▶ **TASK GOAL**:
Each record needs to be echoed exactly; can you do that?

-*-*-

(* Let $\alpha=1/2$, $\rho=1$, $\Omega=\mathbb R$, and assume $\inf l=0$, $\sup l=\infty$. Let $a=\int_{-\infty}^{\infty}\sqrt{f_0(y)f_1(y)}\,dy$. The limiting (maximum) robustness parameters $(\epsilon_0,\epsilon_1)$, i.e. those for which the least favorable distributions coincide ($\hat G_0=\hat G_1$ $\mu$-a.e.), satisfy \[ a=\frac{1}{16}\left(16-4\epsilon_1+\epsilon_0(\epsilon_1-4)-\sqrt{(\epsilon_0-8)\,\epsilon_0\,(\epsilon_1-8)\,\epsilon_1}\right). \] In particular, if $\epsilon_0=\epsilon_1=\epsilon$, the maximum robustness parameter is $\epsilon_{\max}=4-2\sqrt{2(1+a)}$.
   Context: $f_0,f_1$ are distinct nominal probability densities on $\mathbb R$, $l=f_1/f_0$. The $\alpha$-divergence is $D(g,f;\alpha)=\frac{1}{\alpha(1-\alpha)}\big(1-\int g^\alpha f^{1-\alpha}dy\big)$ (for $\alpha=1/2$ this is $4$ times the squared Hellinger distance), uncertainty classes are $\mathcal G_i=\{g_i:D(g_i,f_i;\alpha)\le\epsilon_i\}$, and $\hat G_0,\hat G_1$ denote the least favorable distributions of the minimax Bayes test $\min_\delta\sup_{(g_0,g_1)\in\mathcal G_0\times\mathcal G_1}P_E$ with equal priors. *)

From HB Require Import structures.
From mathcomp Require Import all_boot all_order all_algebra.
From mathcomp Require Import all_classical all_reals all_analysis.
Set Implicit Arguments. Unset Strict Implicit. Unset Printing Implicit Defensive.
Import Order.TTheory GRing.Theory Num.Theory.
Import numFieldNormedType.Exports.
Local Open Scope classical_set_scope.
Local Open Scope ring_scope.
Local Open Scope ereal_scope.

Section Defs.
Variable R : realType.
Local Notation mu := (@lebesgue_measure R).

Definition is_density (f : R -> R) : Prop :=
  [/\ measurable_fun [set: R] f, (forall x, (0 <= f x)%R)
    & \int[mu]_x (f x)%:E = 1].

Definition alpha_div (g f : R -> R) (alpha : R) : \bar R :=
  ((alpha * (1 - alpha))^-1)%:E *
    (1 - \int[mu]_x ((g x `^ alpha) * (f x `^ (1 - alpha)))%:E).

Definition unc_class (f : R -> R) (alpha eps : R) (g : R -> R) : Prop :=
  is_density g /\ alpha_div g f alpha <= eps%:E.

(* (randomized) decision rule: delta y = probability of deciding H1 *)
Definition is_test (delta : R -> R) : Prop :=
  measurable_fun [set: R] delta /\ (forall x, (0 <= delta x <= 1)%R).

Definition err_prob (delta g0 g1 : R -> R) : \bar R :=
  (2^-1)%:E * \int[mu]_x (delta x * g0 x)%:E +
  (2^-1)%:E * \int[mu]_x ((1 - delta x) * g1 x)%:E.

Definition is_LFD (f0 f1 : R -> R) (alpha eps0 eps1 : R) (hg0 hg1 : R -> R) : Prop :=
  [/\ unc_class f0 alpha eps0 hg0, unc_class f1 alpha eps1 hg1 &
    exists hdelta, is_test hdelta /\
      (forall g0 g1, unc_class f0 alpha eps0 g0 -> unc_class f1 alpha eps1 g1 ->
         err_prob hdelta g0 g1 <= err_prob hdelta hg0 hg1) /\
      (forall delta, is_test delta ->
         err_prob hdelta hg0 hg1 <= err_prob delta hg0 hg1)].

-*-*-

▶ **COMPLETED TASK**:
(* Let $\alpha=1/2$, $\rho=1$, $\Omega=\mathbb R$, and assume $\inf l=0$, $\sup l=\infty$. Let $a=\int_{-\infty}^{\infty}\sqrt{f_0(y)f_1(y)}\,dy$. The limiting (maximum) robustness parameters $(\epsilon_0,\epsilon_1)$, i.e. those for which the least favorable distributions coincide ($\hat G_0=\hat G_1$ $\mu$-a.e.), satisfy \[ a=\frac{1}{16}\left(16-4\epsilon_1+\epsilon_0(\epsilon_1-4)-\sqrt{(\epsilon_0-8)\,\epsilon_0\,(\epsilon_1-8)\,\epsilon_1}\right). \] In particular, if $\epsilon_0=\epsilon_1=\epsilon$, the maximum robustness parameter is $\epsilon_{\max}=4-2\sqrt{2(1+a)}$.
   Context: $f_0,f_1$ are distinct nominal probability densities on $\mathbb R$, $l=f_1/f_0$. The $\alpha$-divergence is $D(g,f;\alpha)=\frac{1}{\alpha(1-\alpha)}\big(1-\int g^\alpha f^{1-\alpha}dy\big)$ (for $\alpha=1/2$ this is $4$ times the squared Hellinger distance), uncertainty classes are $\mathcal G_i=\{g_i:D(g_i,f_i;\alpha)\le\epsilon_i\}$, and $\hat G_0,\hat G_1$ denote the least favorable distributions of the minimax Bayes test $\min_\delta\sup_{(g_0,g_1)\in\mathcal G_0\times\mathcal G_1}P_E$ with equal priors. *)

From HB Require Import structures.
From mathcomp Require Import all_boot all_order all_algebra.
From mathcomp Require Import all_classical all_reals all_analysis.
Set Implicit Arguments. Unset Strict Implicit. Unset Printing Implicit Defensive.
Import Order.TTheory GRing.Theory Num.Theory.
Import numFieldNormedType.Exports.
Local Open Scope classical_set_scope.
Local Open Scope ring_scope.
Local Open Scope ereal_scope.

Section Defs.
Variable R : realType.
Local Notation mu := (@lebesgue_measure R).

Definition is_density (f : R -> R) : Prop :=
  [/\ measurable_fun [set: R] f, (forall x, (0 <= f x)%R)
    & \int[mu]_x (f x)%:E = 1].

Definition alpha_div (g f : R -> R) (alpha : R) : \bar R :=
  ((alpha * (1 - alpha))^-1)%:E *
    (1 - \int[mu]_x ((g x `^ alpha) * (f x `^ (1 - alpha)))%:E).

Definition unc_class (f : R -> R) (alpha eps : R) (g : R -> R) : Prop :=
  is_density g /\ alpha_div g f alpha <= eps%:E.

(* (randomized) decision rule: delta y = probability of deciding H1 *)
Definition is_test (delta : R -> R) : Prop :=
  measurable_fun [set: R] delta /\ (forall x, (0 <= delta x <= 1)%R).

Definition err_prob (delta g0 g1 : R -> R) : \bar R :=
  (2^-1)%:E * \int[mu]_x (delta x * g0 x)%:E +
  (2^-1)%:E * \int[mu]_x ((1 - delta x) * g1 x)%:E.

Definition is_LFD (f0 f1 : R -> R) (alpha eps0 eps1 : R) (hg0 hg1 : R -> R) : Prop :=
  [/\ unc_class f0 alpha eps0 hg0, unc_class f1 alpha eps1 hg1 &
    exists hdelta, is_test hdelta /\
      (forall g0 g1, unc_class f0 alpha eps0 g0 -> unc_class f1 alpha eps1 g1 ->
         err_prob hdelta g0 g1 <= err_prob hdelta hg0 hg1) /\
      (forall delta, is_test delta ->
         err_prob hdelta hg0 hg1 <= err_prob delta hg0 hg1)].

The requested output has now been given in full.